**RECORDS FOR THE TASK:**
::::
(* The two branches stay within half of their own radius, so the larger radius separates them. *)
Lemma branches_disjoint lam xs ys : 0 < lam < lmin L dlt -> NE n u xs -> NE n u ys ->
  xs <> ys -> F xs lam <> F ys lam.
Proof.
  intros Hl HNx HNy Hne Heq.
  pose proof (pictures xs (proj1 HNx)) as Px. pose proof (pictures ys (proj1 HNy)) as Py.
  pose proof (lmin_dlt_le xs HNx). pose proof (lmin_dlt_le ys HNy).
  assert (Ex : forall i, Rabs (F xs lam i - xs i) < r xs / 2) by (intro i; apply (lp_branch_close Px); auto; lra).
  assert (Ey : forall i, Rabs (F xs lam i - ys i) < r ys / 2)
    by (intro i; rewrite Heq; apply (lp_branch_close Py); auto; lra).
  assert (Hd : forall j, Rabs (xs j - ys j) < r xs / 2 + r ys / 2).
  { intro j. specialize (Ex j). specialize (Ey j).
    replace (xs j - ys j) with ((F xs lam j - ys j) - (F xs lam j - xs j)) by ring.
    eapply Rle_lt_trans. apply Rabs_triang. rewrite Rabs_Ropp. lra. }
  apply Hne. destruct (Rle_dec (r xs) (r ys)).
  - apply (lp_isolated Py HNy HNx). intros j Hj. specialize (Hd j). lra.
  - symmetry. apply (lp_isolated Px HNx HNy). intros j Hj. specialize (Hd j).
    rewrite <- Rabs_Ropp. replace (- (ys j - xs j)) with (xs j - ys j) by ring. lra.
Qed.

End Assembly.

Theorem theorem3 (n : nat) (ui : nat -> list bool -> R) (u : list bool -> R)
  (Hpot : is_potential n ui u) (Hreg : regular_game n u) :
  (exists L : list (nat -> R), forall x, NE n u x <-> In x L) /\
  exists lam0 : R, 0 < lam0 /\
  exists xl : (nat -> R) -> R -> (nat -> R),
    (forall xs, NE n u xs -> forall lam, 0 < lam < lam0 -> Delta_set n (xl xs lam)) /\
    (forall xs, NE n u xs -> forall i : nat, forall lam, 0 < lam < lam0 ->
        continuity_pt (fun l => xl xs l i) lam) /\
    (forall lam, 0 < lam < lam0 -> forall xs ys, NE n u xs -> NE n u ys ->
        xs <> ys -> xl xs lam <> xl ys lam) /\
    (forall lam, 0 < lam < lam0 -> forall x,
        ND n u lam x <-> exists xs, NE n u xs /\ x = xl xs lam) /\
    (forall xs, NE n u xs -> forall i : nat, forall eps, 0 < eps ->
        exists delta, 0 < delta /\ forall lam, 0 < lam < delta -> lam < lam0 ->
          Rabs (xl xs lam i - xs i) < eps).
Proof.
  destruct (local_pictures n u Hreg) as [r [l1 [dlt [F HP]]]].
  destruct (Delta_finite_cover n r) as [L [HLD HLc]].
  { intros y HD. apply (lp_r_pos (HP y HD)). }
  split. { eapply NE_finite; eauto. }
  exists (lmin L dlt). split. { eapply lmin_dlt_pos; eauto. }
  exists F. split; [|split; [|split; [|split]]].
  - intros xs HN lam Hl.
    assert (HND : ND n u lam (F xs lam)) by (eapply ND_on_branches; eauto). apply HND.
  - intros xs HN i lam Hl. pose proof (lmin_dlt_le n u r l1 dlt F L HP HLD HLc xs HN).
    apply (lp_branch_continuous (HP xs (proj1 HN))); auto. lra.
  - intros lam Hl xs ys. eapply branches_disjoint; eauto.
  - intros lam Hl x. eapply ND_on_branches; eauto.
  - intros xs HN i e He. pose proof (lmin_dlt_le n u r l1 dlt F L HP HLD HLc xs HN).
    destruct (lp_branch_tends (HP xs (proj1 HN)) HN He) as [d [Hd Hd']].
    exists d. split; auto. intros lam Hl Hl0. apply Hd'; auto. lra.
Qed.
::::
**EXERCISE DIRECTIONS:** Scan the records above for the word "ring" and return every line where it occurs.

**REPLY TO THE EXERCISE:**
    replace (xs j - ys j) with ((F xs lam j - ys j) - (F xs lam j - xs j)) by ring.
    rewrite <- Rabs_Ropp. replace (- (ys j - xs j)) with (xs j - ys j) by ring. lra.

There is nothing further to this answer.